For the records that follow, say how many lines have the word "mxtraceZ" in them. Write the number and nothing more.

===== Data

Lemma ffun_eqE (z y : T) : [forall k, z k == y k] = (z == y).
Proof. by apply/forallP/eqP => [H|-> //]; apply/ffunP => k; apply/eqP. Qed.

Lemma pauli_trace_orth (z y : T) :
  \tr (pauli R z *m pauli R y) = if z == y then (2 ^ n)%:R else 0.
Proof.
rewrite /mxtrace.
transitivity (\sum_(i < 2 ^ n) \sum_(j < 2 ^ n) \prod_(k < n)
  (pauli1 R (z k) (qbit k i) (qbit k j) * pauli1 R (y k) (qbit k j) (qbit k i))).
  by apply: eq_bigr => i _; rewrite !mxE; apply: eq_bigr => j _; rewrite !mxE -big_split.
under eq_bigr => i _ do rewrite (sum_bits (fun k b =>
  pauli1 R (z k) (qbit k i) b * pauli1 R (y k) b (qbit k i))).
rewrite (sum_bits (fun k a => pauli1 R (z k) a false * pauli1 R (y k) false a
   + pauli1 R (z k) a true * pauli1 R (y k) true a)).
under eq_bigr do rewrite pauli1_orth.
by rewrite prod_if card_ord ffun_eqE natrX.
Qed.

Lemma pauli_complete (a b c d : 'I_(2 ^ n)) :
  \sum_(z : T) pauli R z c d * pauli R z a b =
  if (c == b) && (d == a) then (2 ^ n)%:R else 0.
Proof.
transitivity (\prod_(k < n) \sum_(s < 4)
   (pauli1 R s (qbit k c) (qbit k d) * pauli1 R s (qbit k a) (qbit k b))).
  rewrite bigA_distr_bigA; apply: eq_bigr => z _.
  by rewrite !mxE -big_split.
under eq_bigr do rewrite pauli1_complete.
by rewrite prod_if card_ord forall_andb !forall_qbit natrX.
Qed.

Lemma two_pow_neq0 : (2 ^ n)%:R != 0 :> C.
Proof. by rewrite pnatr_eq0 expn_eq0. Qed.

Lemma pauli_expansion (A : 'M[C]_(2 ^ n)) :
  A = \sum_(z : T) ((2 ^ n)%:R^-1 * \tr (pauli R z *m A)) *: pauli R z.
Proof.
apply/matrixP => a b; rewrite summxE.
under eq_bigr do rewrite mxE.
transitivity ((2 ^ n)%:R^-1 * \sum_(c < 2 ^ n) \sum_(d < 2 ^ n)
   (A d c * \sum_(z : T) pauli R z c d * pauli R z a b)); last first.
  symmetry; under eq_bigr do rewrite -mulrA.
  rewrite -mulr_sumr; congr (_ * _).
  under eq_bigr do rewrite /mxtrace mulr_suml.
  rewrite exchange_big; apply: eq_bigr => c _.
  under eq_bigr do rewrite mxE mulr_suml.
  rewrite exchange_big; apply: eq_bigr => d _.
  by rewrite mulr_sumr; apply: eq_bigr => z _; rewrite mulrA [A d c * _]mulrC.
under eq_bigr do under eq_bigr do rewrite pauli_complete.
rewrite (bigD1 b) //= (bigD1 a) //= !eqxx /=.
rewrite [X in _ + X + _]big1; last by move=> d /negbTE ->; rewrite mulr0.
rewrite [X in _ + X]big1; last first.
  by move=> c /negbTE Hc; rewrite big1 // => d _; rewrite Hc mulr0.
by rewrite !addr0 mulrC mulfK // two_pow_neq0.
Qed.
End PauliStrings.

Section Adjoint.
Variables (R : realType) (m : nat).
Local Notation C := (R[i]).

Lemma adjK (A : 'M[C]_m) : adj (adj A) = A.
Proof. by apply/matrixP => i j; rewrite !mxE conjCK. Qed.

Lemma adjM (A B : 'M[C]_m) : adj (A *m B) = adj B *m adj A.
Proof.
apply/matrixP => i j; rewrite !mxE rmorph_sum; apply: eq_bigr => k _.
by rewrite !mxE rmorphM mulrC.
Qed.

Lemma adj_sumZ (I : finType) (c : I -> C) (A : I -> 'M[C]_m) :
  adj (\sum_i c i *: A i) = \sum_i Num.conj (c i) *: adj (A i).
Proof.
apply/matrixP => i j; rewrite !mxE !summxE rmorph_sum; apply: eq_bigr => k _.
by rewrite !mxE rmorphM.
Qed.

Lemma unitary_adj (U : 'M[C]_m) : unitary U -> unitary (adj U).
Proof. by move=> HU; rewrite /unitary adjK; apply: mulmx1C. Qed.
End Adjoint.

Section Modulus.
Variable R : realType.
Local Notation C := (R[i]).
Local Open Scope complex_scope.

Lemma cabsE (c : C) : `|c| = (cabs c)%:C.
Proof. by rewrite /cabs normc_def. Qed.

Lemma cabs_ge0 (c : C) : 0 <= cabs c.
Proof. by have := normr_ge0 c; rewrite cabsE lecE => /andP[_]. Qed.

Lemma cabs_sqr (c : C) : ((cabs c) ^+ 2)%:C = c * Num.conj c.
Proof. by rewrite -sqr_normc cabsE rmorphXn. Qed.

Lemma cabs_eq0 (c : C) : cabs c = 0 <-> c = 0.
Proof.
split => [c0|->]; last by rewrite /cabs normr0.
by apply/eqP; rewrite -normr_eq0 cabsE c0.
Qed.

Lemma cabs_eq1 (c : C) : cabs c = 1 <-> `|c| = 1.
Proof. by rewrite cabsE; split => [->|[]]. Qed.
End Modulus.

(* Writing U P_x U^dagger = sum_z M_{zx} P_z (Pauli expansion) and comparing
   Tr (B B^dagger) = 2^n for B = U P_x U^dagger shows that every column of
   |M^U| is a unit vector; since M^U_{zx} = M^{U^dagger}_{xz}, so is every row. *)
Section ReprMatrix.
Variables (R : realType) (n : nat).
Local Notation C := (R[i]).
Local Notation T := {ffun 'I_n -> 'I_4}.

Definition abs_row (U : 'M[C]_(2 ^ n)) (z : T) : T -> R := fun x => cabs (repr_mat U z x).

Lemma abs_row_ge0 (U : 'M[C]_(2 ^ n)) (z x : T) : 0 <= abs_row U z x.
Proof. exact: cabs_ge0. Qed.

Lemma repr_col_unit (U : 'M[C]_(2 ^ n)) (x : T) : unitary U ->
  \sum_(z : T) cabs (repr_mat U z x) ^+ 2 = 1.
Proof.
move=> HU; have HU' : adj U *m U = 1%:M by apply: mulmx1C.
set B := U *m pauli R x *m adj U.
have trace_unitary : \tr (B *m adj B) = (2 ^ n)%:R.
  rewrite /B !adjM adjK pauli_herm !mulmxA mxtrace_mulC !mulmxA HU' mul1mx.
  by rewrite -[pauli R x *m adj U *m U]mulmxA HU' mulmx1 pauli_trace_orth eqxx.
have trace_expansion : \tr (B *m adj B) =
    (2 ^ n)%:R * \sum_(z : T) repr_mat U z x * Num.conj (repr_mat U z x).
  rewrite [in LHS](pauli_expansion B) adj_sumZ mulmx_suml raddf_sum mulr_sumr.
  apply: eq_bigr => z _; rewrite mulmx_sumr raddf_sum (bigD1 z) //= big1 => [|w wz].
    rewrite pauli_herm -scalemxAl -scalemxAr !mxtraceZ pauli_trace_orth eqxx addr0.
    by rewrite mulrA mulrC.
  rewrite pauli_herm -scalemxAl -scalemxAr !mxtraceZ pauli_trace_orth.
  by rewrite eq_sym (negbTE wz) !mulr0.
apply: complexI; rewrite rmorph_sum /=; under eq_bigr do rewrite cabs_sqr.
by apply: (mulfI (two_pow_neq0 R n)); rewrite -trace_expansion trace_unitary mulr1.
Qed.

Lemma repr_mat_adj (U : 'M[C]_(2 ^ n)) (z x : T) : repr_mat U z x = repr_mat (adj U) x z.
Proof.
rewrite /repr_mat adjK; congr (_ * _).
by rewrite !mulmxA mxtrace_mulC !mulmxA mxtrace_mulC !mulmxA mxtrace_mulC !mulmxA.
Qed.

Lemma abs_row_unit (U : 'M[C]_(2 ^ n)) (z : T) : unitary U ->
  \sum_x abs_row U z x ^+ 2 = 1.
Proof.
move=> HU; rewrite /abs_row; under eq_bigr do rewrite repr_mat_adj.
exact/repr_col_unit/unitary_adj.
Qed.

Lemma abs_row_id (U : 'M[C]_(2 ^ n)) : unitary U -> zero_one (abs_row U (pauli_id n)).
Proof.
move=> HU x; have HU' : adj U *m U = 1%:M by apply: mulmx1C.
rewrite /abs_row /repr_mat pauli_idE mul1mx mxtrace_mulC mulmxA HU' mul1mx.
rewrite -[pauli R x]mul1mx -pauli_idE pauli_trace_orth.
case: eqP => _; last by left; rewrite mulr0; apply/cabs_eq0.
by right; rewrite mulVf ?two_pow_neq0 //; apply/cabs_eq1; rewrite normr1.
Qed.

(* Clifford unitaries are exactly those whose |M^U| has 0/1 entries:
   U P_x U^dagger = c P_y makes column x equal c e_y, and conversely a unit
   column with 0/1 moduli is a phase times a basis vector. *)
Lemma clifford_zero_one (U : 'M[C]_(2 ^ n)) : unitary U ->
  clifford U <-> forall z, zero_one (abs_row U z).
Proof.
move=> HU; split => [HC z x | Z x].
  have [c [y [c1 E]]] := HC x; rewrite /abs_row /repr_mat E -scalemxAr mxtraceZ.
  rewrite pauli_trace_orth; case: eqP => _; last by left; rewrite !mulr0; apply/cabs_eq0.
  by right; rewrite mulrCA mulVf ?two_pow_neq0 // mulr1; apply/cabs_eq1.
have col_zero_one : zero_one (fun z => cabs (repr_mat U z x)) by move=> z; apply: Z.
have [y [y1 y_only]] := zero_one_basis (repr_col_unit x HU) col_zero_one.
exists (repr_mat U y x), y; split; first exact/cabs_eq1.
rewrite {1}(pauli_expansion (U *m pauli R x *m adj U)) (bigD1 y) //= big1 ?addr0 //.
by move=> z zy; rewrite -/(repr_mat U z x) (proj1 (cabs_eq0 _) (y_only z zy)) scale0r.
Qed.
End ReprMatrix.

==========

▶ **The answer**
3